Re: Optimizing a VIEW

From

Decibel!

Date:

16 August 2008, 18:53:33

On Aug 15, 2008, at 1:36 PM, Madison Kelly wrote:
> The 'cust_id' references the customer that the given data belongs
> to. The reason for this "data bucket" (does this structure have a
> proper name?) is that the data I need to store on a give customer
> is quite variable and outside of my control. As it is, there is
> about 400 different variable/value pairs I need to store per customer.

It's called Entity-Attribute-Value, and it's performance is pretty
much guaranteed to suck for any kind of a large dataset. The problem
is that you're storing a MASSIVE amount of extra information for
every single value. Consider:

If each data point was just a field in a table, then even if we left
cd_value as text, each data point would consume 4 bytes* + 1 byte per
character (I'm assuming you don't need extra UTF8 chars or anything).
Of course if you know you're only storing numbers or the like then
you can make that even more efficient.

* In 8.3, the text field overhead could be as low as 1 byte if the
field is small enough.

OTOH, your table is going to 32+24 bytes per row just for the per-row
overhead, ints and timestamps. Each text field will have 1 or 4 bytes
in overhead, then you have to store the actual data. Realistically,
you're looking at 60+ bytes per data point, as opposed to maybe 15,
or even down to 4 if you know you're storing an int.
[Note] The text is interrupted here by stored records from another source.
(** Both bounds are comparisons for the linear nonlocal operator
    [L = d_t + sigma (1 - x) x d_x - lambda_0 f_0 J_0 - lambda_1 f_1 J_1], for which
    [L u = 0].  A minimum principle holds for [L]: at a negative minimum of
    [w + eps (1 + t)] over [0,1] x [0,T] the time derivative is negative, the
    transport term vanishes (interior minimum, or [x (1 - x) = 0]) and the jump terms
    are nonnegative; hence [L v <= L w] and [v <= w] at [t = 0] give [v <= w].  The
    upper bound compares [u] with the constant [1].  For the lower bound, the
    quasispecies equation [y' = F(y)] is a Riccati equation whose flow [phi(x,t)] is
    an explicit Moebius transformation of [x]; being a flow it satisfies
    [d_t phi = F(x) d_x phi], it is convex in [x], and
    [F(x) + sigma (1 - x) x - m_0 f_0 (1 - x) + m_1 f_1 x = 0] identically, so
    bounding the jumps below by their linearisation gives [L phi <= 0].  Finally
    [X = phi] by uniqueness for the Riccati ODE. *)

Definition continuous2 (f : R -> R -> R) (x t : R) : Prop :=
  continuous (fun p : R * R => f (fst p) (snd p)) (x, t).

Lemma continuous2_eps_delta (f : R -> R -> R) (x t : R) :
  continuous2 f x t -> forall eps, 0 < eps ->
  exists d, 0 < d /\ forall y s, Rabs (y - x) < d -> Rabs (s - t) < d ->
    Rabs (f y s - f x t) < eps.
Proof.
  intros Hf eps Heps.
  destruct (proj1 (filterlim_locally _ _) Hf (mkposreal eps Heps)) as [d Hd].
  exists d; split; [apply cond_pos|].
  intros y s Hy Hs. apply (Hd (y, s)). split; assumption.
Qed.

Lemma continuous2_plus (f g : R -> R -> R) (x t : R) :
  continuous2 f x t -> continuous2 g x t ->
  continuous2 (fun x t => f x t + g x t) x t.
Proof.
  exact (continuous_plus (fun p : R * R => f (fst p) (snd p))
                         (fun p : R * R => g (fst p) (snd p)) (x, t)).
Qed.

Lemma continuous2_minus (f g : R -> R -> R) (x t : R) :
  continuous2 f x t -> continuous2 g x t ->
  continuous2 (fun x t => f x t - g x t) x t.
Proof.
  exact (continuous_minus (fun p : R * R => f (fst p) (snd p))
                          (fun p : R * R => g (fst p) (snd p)) (x, t)).
Qed.

Lemma continuous2_mult (f g : R -> R -> R) (x t : R) :
  continuous2 f x t -> continuous2 g x t ->
  continuous2 (fun x t => f x t * g x t) x t.
Proof.
  exact (continuous_mult (fun p : R * R => f (fst p) (snd p))
                         (fun p : R * R => g (fst p) (snd p)) (x, t)).
Qed.

Lemma continuous2_div (f g : R -> R -> R) (x t : R) :
  continuous2 f x t -> continuous2 g x t -> g x t <> 0 ->
  continuous2 (fun x t => f x t / g x t) x t.
Proof.
  intros Hf Hg Hg0.
  apply (continuous_mult (fun p : R * R => f (fst p) (snd p))
                         (fun p : R * R => / g (fst p) (snd p))); [exact Hf|].
  apply (continuous_comp (fun p : R * R => g (fst p) (snd p)) Rinv); [exact Hg|].
  apply continuous_Rinv, Hg0.
Qed.

Lemma continuous2_fst (x t : R) : continuous2 (fun x _ => x) x t.
Proof. apply continuous_fst. Qed.

Lemma continuous2_time (g : R -> R) (x t : R) :
  continuous g t -> continuous2 (fun _ t => g t) x t.
Proof.
  intros Hg. apply (continuous_comp (fun p : R * R => snd p) g); [apply continuous_snd|exact Hg].
Qed.

Lemma continuity_pt_eps_delta (f : R -> R) (x : R) :
  (forall eps, 0 < eps -> exists d, 0 < d /\
     forall y, Rabs (y - x) < d -> Rabs (f y - f x) < eps) ->
  continuity_pt f x.
Proof.
  intros H eps Heps. destruct (H eps Heps) as [d [Hd Hf]].
  exists d; split; [exact Hd|]. intros y [_ Hy]. apply Hf, Hy.
Qed.

Lemma continuity_pt_space (f : R -> R -> R) (x t : R) :
  continuous2 f x t -> continuity_pt (fun y => f y t) x.
Proof.
  intros Hf. apply continuity_pt_eps_delta. intros eps Heps.
  destruct (continuous2_eps_delta f x t Hf eps Heps) as [d [Hd Hfd]].
  exists d; split; [exact Hd|]. intros y Hy.
  apply Hfd; [exact Hy|]. rewrite Rminus_diag, Rabs_R0. exact Hd.
Qed.

Lemma continuous2_time_Rmax0 (f : R -> R -> R) (x t : R) :
  continuous2 f x (Rmax 0 t) -> continuous2 (fun x t => f x (Rmax 0 t)) x t.
Proof.
  intros Hf.
  assert (Hmax : continuous (Rmax 0) t).
  { apply continuity_pt_filterlim, continuity_pt_eps_delta. intros eps Heps.
    exists eps; split; [exact Heps|]. intros y Hy.
    unfold Rmax in *. destruct (Rle_dec 0 y), (Rle_dec 0 t);
      unfold Rabs in *; repeat destruct Rcase_abs; lra. }
  apply (continuous_comp_2 (fun p : R * R => fst p) (fun p : R * R => Rmax 0 (snd p)) f);
    [apply continuous_fst| |exact Hf].
  apply (continuous_comp (fun p : R * R => snd p) (Rmax 0)); [apply continuous_snd|exact Hmax].
Qed.

Lemma is_derive_nonpos_at_left_min (g : R -> R) (a t l : R) :
  is_derive g t l -> a < t -> (forall s, a <= s <= t -> g t <= g s) -> l <= 0.
Proof.
  intros Hg Hat Hmin.
  apply Rnot_lt_le; intro Hl.
  destruct (proj1 (is_derive_Reals g t l) Hg l Hl) as [d Hd].
  set (h := - Rmin (d / 2) (t - a)).
  assert (Hd0 : 0 < d) by apply cond_pos.
  assert (Hh : 0 < - h <= d / 2 /\ - h <= t - a).
  { unfold h. rewrite Ropp_involutive. split; [split|].
    - apply Rmin_pos; lra.
    - apply Rmin_l.
    - apply Rmin_r. }
  assert (Hquot : (g (t + h) - g t) / h <= 0).
  { assert (g t <= g (t + h)) by (apply Hmin; lra).
    assert (/ h < 0) by (apply Rinv_lt_0_compat; lra).
    unfold Rdiv. nra. }
  assert (Hh0 : h <> 0) by lra.
  assert (Hhd : Rabs h < d) by (rewrite Rabs_left; lra).
  specialize (Hd h Hh0 Hhd). apply Rabs_def2 in Hd. lra.
Qed.

Lemma interval_uniform_radius (a b : R) (Q : R -> R -> Prop) : a <= b ->
  (forall x, a <= x <= b -> exists d, 0 < d /\
     forall y s, Rabs (y - x) < d -> Rabs s < d -> Q y s) ->
  exists d, 0 < d /\ forall y s, a <= y <= b -> Rabs s < d -> Q y s.
Proof.
  intros Hab Hloc.
  set (E := fun c => a <= c <= b /\ exists d, 0 < d /\
              forall y s, a <= y <= c -> Rabs s < d -> Q y s).
  assert (HEa : E a).
  { destruct (Hloc a) as [d [Hd Hq]]; [lra|].
    split; [lra|]. exists d; split; [exact Hd|].
    intros y s Hy Hs. apply Hq; [|exact Hs].
    replace (y - a) with 0 by lra. rewrite Rabs_R0. exact Hd. }
  destruct (completeness E) as [c [Hub Hlub]].
  { exists b. intros z [Hz _]. lra. }
  { exists a. exact HEa. }
  assert (Hc : a <= c <= b).
  { split; [apply Hub, HEa|]. apply Hlub. intros z [Hz _]. lra. }
  destruct (Hloc c Hc) as [dc [Hdc Hqc]].
  assert (Hnear : exists e, E e /\ c - dc < e).
  { apply NNPP. intro Hno.
    assert (c <= c - dc); [|lra].
    apply Hlub. intros z Hz. apply Rnot_lt_le. intro Hlt. apply Hno. exists z. split; assumption. }
  destruct Hnear as [e [[He [de [Hde Hqe]]] Hce]].
  set (e' := Rmin b (c + dc / 2)).
  assert (He'1 : e' <= c + dc / 2) by apply Rmin_r.
  assert (HEe' : E e').
  { split; [split; [apply Rmin_glb; lra|apply Rmin_l]|].
    exists (Rmin de dc). split; [apply Rmin_pos; lra|].
    intros y s Hy Hs.
    pose proof (Rmin_l de dc). pose proof (Rmin_r de dc).
    destruct (Rle_or_lt y e) as [Hye|Hye].
    - apply Hqe; lra.
    - apply Hqc; [apply Rabs_def1|]; lra. }
  assert (He'b : e' = b).
  { assert (e' <= c) by apply Hub, HEe'.
    unfold e' in *. unfold Rmin in *. destruct (Rle_dec b (c + dc / 2)); lra. }
  rewrite He'b in HEe'. destruct HEe' as [_ Huniform]. exact Huniform.
Qed.

Lemma lower_bound_near_time (v : R -> R -> R) (t L eps : R) :
  (forall x, 0 <= x <= 1 -> continuous2 v x t) ->
  (forall x, 0 <= x <= 1 -> L <= v x t) -> 0 < eps ->
  exists d, 0 < d /\ forall y s, 0 <= y <= 1 -> Rabs (s - t) < d -> L - eps < v y s.
Proof.
  intros Hc HL Heps.
  destruct (interval_uniform_radius 0 1 (fun y s => L - eps < v y (t + s)))
    as [d [Hd Hq]]; [lra| |].
  - intros x Hx. destruct (continuous2_eps_delta v x t (Hc x Hx) eps Heps) as [d [Hd Hq]].
    exists d; split; [exact Hd|]. intros y s Hy Hs.
    assert (Hts : Rabs (t + s - t) < d) by (replace (t + s - t) with s by ring; exact Hs).
    specialize (Hq y (t + s) Hy Hts). specialize (HL x Hx).
    apply Rabs_def2 in Hq. lra.
  - exists d; split; [exact Hd|]. intros y s Hy Hs.
    replace s with (t + (s - t)) by ring. apply Hq; assumption.
Qed.

Lemma continuity_pt_space_min (v : R -> R -> R) (xm : R -> R) (t : R) :
  (forall x, 0 <= x <= 1 -> continuous2 v x t) ->
  (forall s, 0 <= xm s <= 1 /\ forall y, 0 <= y <= 1 -> v (xm s) s <= v y s) ->
  continuity_pt (fun s => v (xm s) s) t.
Proof.
  intros Hc Hxm. apply continuity_pt_eps_delta. intros eps Heps.
  destruct (Hxm t) as [Hxt Hmint].
  destruct (lower_bound_near_time v t (v (xm t) t) eps Hc Hmint Heps) as [d1 [Hd1 Hlow]].
  destruct (continuous2_eps_delta v (xm t) t (Hc _ Hxt) eps Heps) as [d2 [Hd2 Hup]].
  exists (Rmin d1 d2); split; [apply Rmin_pos; assumption|].
  intros s Hs. destruct (Hxm s) as [Hxs Hmins].
  pose proof (Rmin_l d1 d2). pose proof (Rmin_r d1 d2).
  specialize (Hlow (xm s) s Hxs ltac:(lra)).
  specialize (Hmins (xm t) Hxt).
  specialize (Hup (xm t) s ltac:(rewrite Rminus_diag, Rabs_R0; lra) ltac:(lra)).
  apply Rabs_def2 in Hup. apply Rabs_def1; lra.
Qed.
Now figure out what that turns into if you have 100 data points per
minute. It doesn't take very long until you have a huge pile of data
you're trying to deal with. (As an aside, I once consulted with a
company that wanted to do this... they wanted to store about 400 data
points from about 1000 devices on a 5 minute interval. That worked
out to something like 5GB per day, just for the EAV table. Just
wasn't going to scale...)

So, back to your situation... there's several things you can do that
will greatly improve things.

Identify data points that are very common and don't use EAV to store
them. Instead, store them as regular fields in a table (and don't use
text if at all possible).

You need to trim down your EAV table. Throw out the added/modified
info; there's almost certainly no reason to store that *per data
point*. Get rid of cd_id; there should be a natural PK you can use,
and you certainly don't want anything else referring to this table
(which is a big reason to use a surrogate key).

cd_variable and cd_tag need to be ints that point at other tables.
For that matter, do you really need to tag each *data point*?
Probably not...

Finally, if you have a defined set of points that you need to report
on, create a materialized view that has that information.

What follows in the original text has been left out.